Rolf Woller: Thank you, Oli, for the comprehensive answer. And the next one in line is José from JPMorgan. José Maria Asumendi: Great to see the progress done so far in the year. Arno, one question on cash flow. I'm looking at all the exceptionals you have this year and last year, right, in terms of cash outflows, investments in XPeng, Rivian, exceptional restructuring cash outflows, battery investments, et cetera. So the question is, beyond the quarter, when you look at the year and you look at your free cash flow guidance, if you exclude the exceptional restructuring cash outflows and M&A, et cetera, what is the underlying free cash generation of the group? I think this is very important because, obviously, if you can go back again to that EUR 6 billion to EUR 8 billion or more than EUR 8 billion free cash flow for the group in 2026, this will be definitely, I think, a game changer for Volkswagen. Second, Oli, on robotaxi and Level 4 and 5 autonomous driving, I think, look, I would love to get your comments in the light of the strong progress done by Tesla and Waymo deploying robotaxis in the U.S. What is Volkswagen doing about this technology? And do you think this is vital for VW to be present in this field to ultimately ensure the competitiveness of the group?
Arno Antlitz: Yes, José, thanks for the question. Look, perhaps you could see it quite nicely on the exhibit we provided for the first half. We report the net cash flow and then also the clean cash flow. And the clean cash flow is before M&A and diesel. So obviously, the Rivian transaction is not included. And if you look then at the info in the box we provided, it's basically EUR 0.7 billion related to restructuring and EUR 0.7 billion related to U.S. tariffs. So if you want then basically kind of underlying take out from the clean net cash flow, the EUR 1.4 billion, we end up roughly on the cash flow from previous year. And this is the current cash flow performance in the first half.
Oliver Blume: Yes, José, [Foreign Language]. Coming to robotaxis. And there, the expectation, especially for [indiscernible] is a huge, huge market of around USD 400 billion yearly. And we worked heavily on this field, making good progress, and we are happy to present during the last weeks our concept with the ID. Buzz autonomous driving. And there, we feel also comparing with competition, as you mentioned, Waymo or, for example, Tesla, we are in a good position. We have a kind of turnkey solution. We have everything in our hands. We have a very advanced technology. And that's nothing for the 30s. We will be in the market already in '26, still with a driver. And our aim is to be able in '27 driving driverless, making good progress in our test fields in Germany, in Hamburg and Munich, and in Austin in the U.S. Then we have the car in our own hands, and that gives us the opportunity for scale effects also beside a very attractive car with ID. Buzz. And that makes us special. We have a platform for the whole fleet management, and we have the platform for the customer management already implemented with MOIA. And so for us, it's very promising. We have a lot of interest of many cities in Europe and Middle East, for example, wants to implement our solution. We have the first external customer with Uber starting in '26 in Los Angeles. And so we are ready to compete. And you know around 50% of the market cap of Tesla is counting on this. And so I think there's still also a potential for Volkswagen Group and the market cap for Volkswagen. And we will speed up the process, and this could be an interesting business field for Volkswagen Group.

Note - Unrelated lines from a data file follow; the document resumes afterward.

(* Let $(\mathcal B,<)$ be a monoidal poset with unique maximal element $B_0$. (i) For each $B\in\mathcal B$, each element $w\in W$ of minimal length such that $B=wB_0$, and each node $i$ with $l(r_iw)<l(w)$, we have $r_iB>B$. (ii) For each $B\in\mathcal B$, if $w,w'\in W$ are of minimal length such that $B=wB_0=w'B_0$, then $l(w)=l(w')$, and for each node $i$ with $r_iB>B$ there is $w''\in W$ of length $l(w)$ such that $B=w''B_0$ and $l(r_iw'')<l(w'')$.
   Context: Setting: $M$ is a spherical simply laced Coxeter diagram with nodes $1,\dots,n$ ($i\not\sim j$ means distinct nodes not joined by an edge, or equal); $W$ its Weyl group with length function $l$, positive roots $\Phi^+$, fundamental roots $\alpha_i$, reflections $r_i$, roots of squared length $2$; height $\mathrm{ht}(\sum a_k\alpha_k)=\sum a_k$. For a set $B$ of mutually orthogonal positive roots, $wB=\Phi^+\cap\{\pm w\beta:\beta\in B\}$. A $W$-orbit $\mathcal B$ of such sets is admissible if for every $B\in\mathcal B$, all nodes $i\not\sim j$ and root $\gamma$ with $\gamma,\gamma-\alpha_i+\alpha_j\in B$, $r_iB=r_jB$. For $B,C\in\mathcal B$ write $B\prec C$ if $B\ne C$ and the minimal height of an element of $B\setminus C$ is strictly smaller than the minimal height of an element of $C\setminus B$. For admissible $\mathcal B$, the monoidal poset $(\mathcal B,<)$ is $\mathcal B$ with the partial order $<$ given by the transitive closure of $\{(B,r_jB): B\in\mathcal B,\ j\text{ a node},\ B\prec r_jB\}$; $>$ is the reverse relation. Such a poset has a unique maximal element. *)

From HB Require Import structures.
From mathcomp Require Import all_boot all_order all_algebra.
From mathcomp Require Import finmap.
Set Implicit Arguments. Unset Strict Implicit. Unset Printing Implicit Defensive.
Import Order.TTheory GRing.Theory Num.Theory.
Local Open Scope ring_scope.
Local Open Scope fset_scope.

(* Root lattice Z^n, vectors as integer row vectors; the diagram M is given by
   a relation [adj] on the nodes 'I_n (nodes 1..n of the paper = 'I_n). *)
Definition vec (n : nat) := 'rV[int]_n.

Section Weyl.
Variables (n : nat) (adj : rel 'I_n).

Definition cartan : 'M[int]_n :=
  \matrix_(i, j) (if i == j then 2 else if adj i j then -1 else 0).

(* The W-invariant bilinear bform, roots having squared length 2. *)
Definition bform (x y : vec n) : int := (x *m cartan *m y^T) 0 0.

Definition alpha (i : 'I_n) : vec n := \row_j ((i == j)%:R : int).

Definition wrefl (i : 'I_n) (x : vec n) : vec n := x - bform x (alpha i) *: alpha i.

(* A word [:: i1; ...; ik] denotes r_{i1} ... r_{ik} in W. *)
Definition wact (s : seq 'I_n) (x : vec n) : vec n := foldr wrefl x s.

(* Equality of elements of W (via the faithful action on the root lattice;
   a linear map is determined by its values on the basis alpha_j). *)
Definition weqb (s t : seq 'I_n) : bool :=
  [forall j, wact s (alpha j) == wact t (alpha j)].

Lemma len_ex (s : seq 'I_n) :
  exists k, [exists t : k.-tuple 'I_n, weqb t s].
Proof.
exists (size s); apply/existsP; exists (in_tuple s).
by apply/forallP => j /=.
Qed.

Definition wlen (s : seq 'I_n) : nat := ex_minn (len_ex s).

Definition is_root (x : vec n) : Prop := exists s i, wact s (alpha i) = x.

Definition rpos (x : vec n) : bool := [forall j, 0 <= x 0 j].

Definition rht (x : vec n) : int := \sum_j x 0 j.

(* w B = Phi^+ cap {+- w beta : beta in B}; for a root beta exactly one of
   +- w beta is positive. *)
Definition wact_set (s : seq 'I_n) (B : {fset vec n}) : {fset vec n} :=
  [fset (if rpos (wact s b) then wact s b else - wact s b) | b in B].

Definition orth_pos_roots (B : {fset vec n}) : Prop :=
  (forall b, b \in B -> is_root b /\ rpos b) /\
  (forall b b', b \in B -> b' \in B -> b != b' -> bform b b' = 0).

Definition in_Borbit (B0 B : {fset vec n}) : Prop := exists s, B = wact_set s B0.

Definition nonadj (i j : 'I_n) : bool := (i == j) || ~~ adj i j.

Definition admissible (B0 : {fset vec n}) : Prop :=
  forall B, in_Borbit B0 B ->
  forall (i j : 'I_n) (g : vec n), nonadj i j ->
    g \in B -> (g - alpha i + alpha j)%R \in B ->
    wact_set [:: i] B = wact_set [:: j] B.

Definition mprec (B C : {fset vec n}) : Prop :=
  B != C /\ (exists c, c \in C `\` B) /\
  exists b, b \in B `\` C /\ forall c, c \in C `\` B -> rht b < rht c.

Definition mstep (B0 B C : {fset vec n}) : Prop :=
  in_Borbit B0 B /\ exists j, C = wact_set [:: j] B /\ mprec B C.

Inductive mlt (B0 : {fset vec n}) : {fset vec n} -> {fset vec n} -> Prop :=
| mlt_step B C : mstep B0 B C -> mlt B0 B C
| mlt_trans B C D : mlt B0 B C -> mlt B0 C D -> mlt B0 B D.

Definition minimal_for (B0 B : {fset vec n}) (s : seq 'I_n) : Prop :=
  wact_set s B0 = B /\ forall t, wact_set t B0 = B -> (wlen s <= wlen t)%N.

End Weyl.

(* For B in the orbit of B0, let the depth of B be the least length of a word w
   with w B0 = B.  The heart of the proof is that the depth grades the monoidal
   order: if r_i B <> B, the depths of B and r_i B differ by one, and B < r_i B
   exactly when r_i B is the shallower of the two.  This is proved by induction
   on the depth.  If B < r_i B but r_i B were not shallower, let j be the first
   letter of a shortest word for B, so that B < r_j B as well.  Since r_i and
   r_j commute or braid, an analysis of the roots of B with pairing -1, 0, 1
   against alpha_i and alpha_j (and admissibility in the commuting case) shows
   r_j B < r_i r_j B, and also r_i r_j B < r_j r_i r_j B in the braid case.  By
   induction each of these steps lowers the depth by one, which yields a word of
   length depth(B) for r_i B, a contradiction.  At depth 0 it contradicts the
   maximality of B0.  Both parts of the theorem then follow, since a minimal
   word for B has length depth(B). *)

From HB Require Import structures.
From mathcomp Require Import all_boot all_order all_algebra.
From mathcomp Require Import finmap zify ring.
Import Order.TTheory GRing.Theory Num.Theory.
Set Implicit Arguments. Unset Strict Implicit. Unset Printing Implicit Defensive.
Local Open Scope fset_scope.
Local Open Scope ring_scope.

Lemma fset_arg_min (T : choiceType) (A : {fset T}) (P : pred T) (f : T -> int) x :
  x \in A -> P x -> exists2 m, m \in A /\ P m & forall y, y \in A -> P y -> f m <= f y.
Proof.
move=> xA Px; pose x0 : A := [` xA].
case: (@arg_minP _ _ A x0 (P \o val) (f \o val)) => //= m Pm m_min.
by exists (val m) => [|y yA Py]; [split; [exact: valP|] | exact: (m_min [` yA])].
Qed.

Rolf Woller: Thank you, José, [Foreign Language]. And the next one in line is Patrick Hummel from UBS.
Patrick Hummel: First question, maybe for you, Oli, regarding your U.S. investment strategy. To which extent are these U.S. investments going to be dependent on a Volkswagen specific tariff deal post a potential 15% EU-U.S. deal? And more specifically, as far as the Scout brand is concerned, and I know we shouldn't think in presidential election terms. But right now, it's definitely not a great environment to launch electric or range extended rugged SUVs or pickup trucks. But you do have cash cows in the U.S. that even after a tariff deal would still face a significant tariff. I'm talking about the Audi and Porsche vehicles. So I'm wondering to which extent you've got flexibility here to maybe come to a very efficient use of your investment or existing footprint even rather than spending several billions more to deal with the U.S. tariff environment. And my second question, Arno, that's probably for you regarding the cash flow. To which extent do you factor in a significant working capital tailwind for the second half? It seems you can only get to that free cash flow guide number if you do get such a tailwind, because your investments tend to be skewed towards the second half or specifically 4Q? And does that free cash flow guide now include any further disposals? There was just an article, I think, yesterday in Manager Magazin talking about a series of smaller assets that could be up for disposal. So any comment on that would be appreciated.
Oliver Blume: Patrick, thanks for your questions. And we will intend to discount the tariffs as far as possible. We will make a clear calculation behind what would it mean for investments. So we have a scalable program we could offer there. All of these projects are connected with a clear positive business case and linked to our growth strategy. You are right. We have very, very strong products still, especially in the ICE and plug-in hybrid segment. You mentioned Porsche and Audi. For Porsche, in the U.S. we were able to achieve historic deliveries in the first half of this year. So our product momentum is very, very strong. And so we are counting on a better tariff situation at Audi. Audi is the same. Also, we can think about localizing Audi products there. And besides of Porsche, Audi, also for Volkswagen, we see opportunities. We have successful cars and making them even more American is our intention. And besides of the investments, on the one hand side, we focus on American brands like Scout and International, like school buses and heavy trucks. And on the other side, technology. As you know, our partnership with Rivian, which started very well, and we see more opportunities there. And so that's a whole package there and everything linked with a clear business case and then entering into the discussions with the government.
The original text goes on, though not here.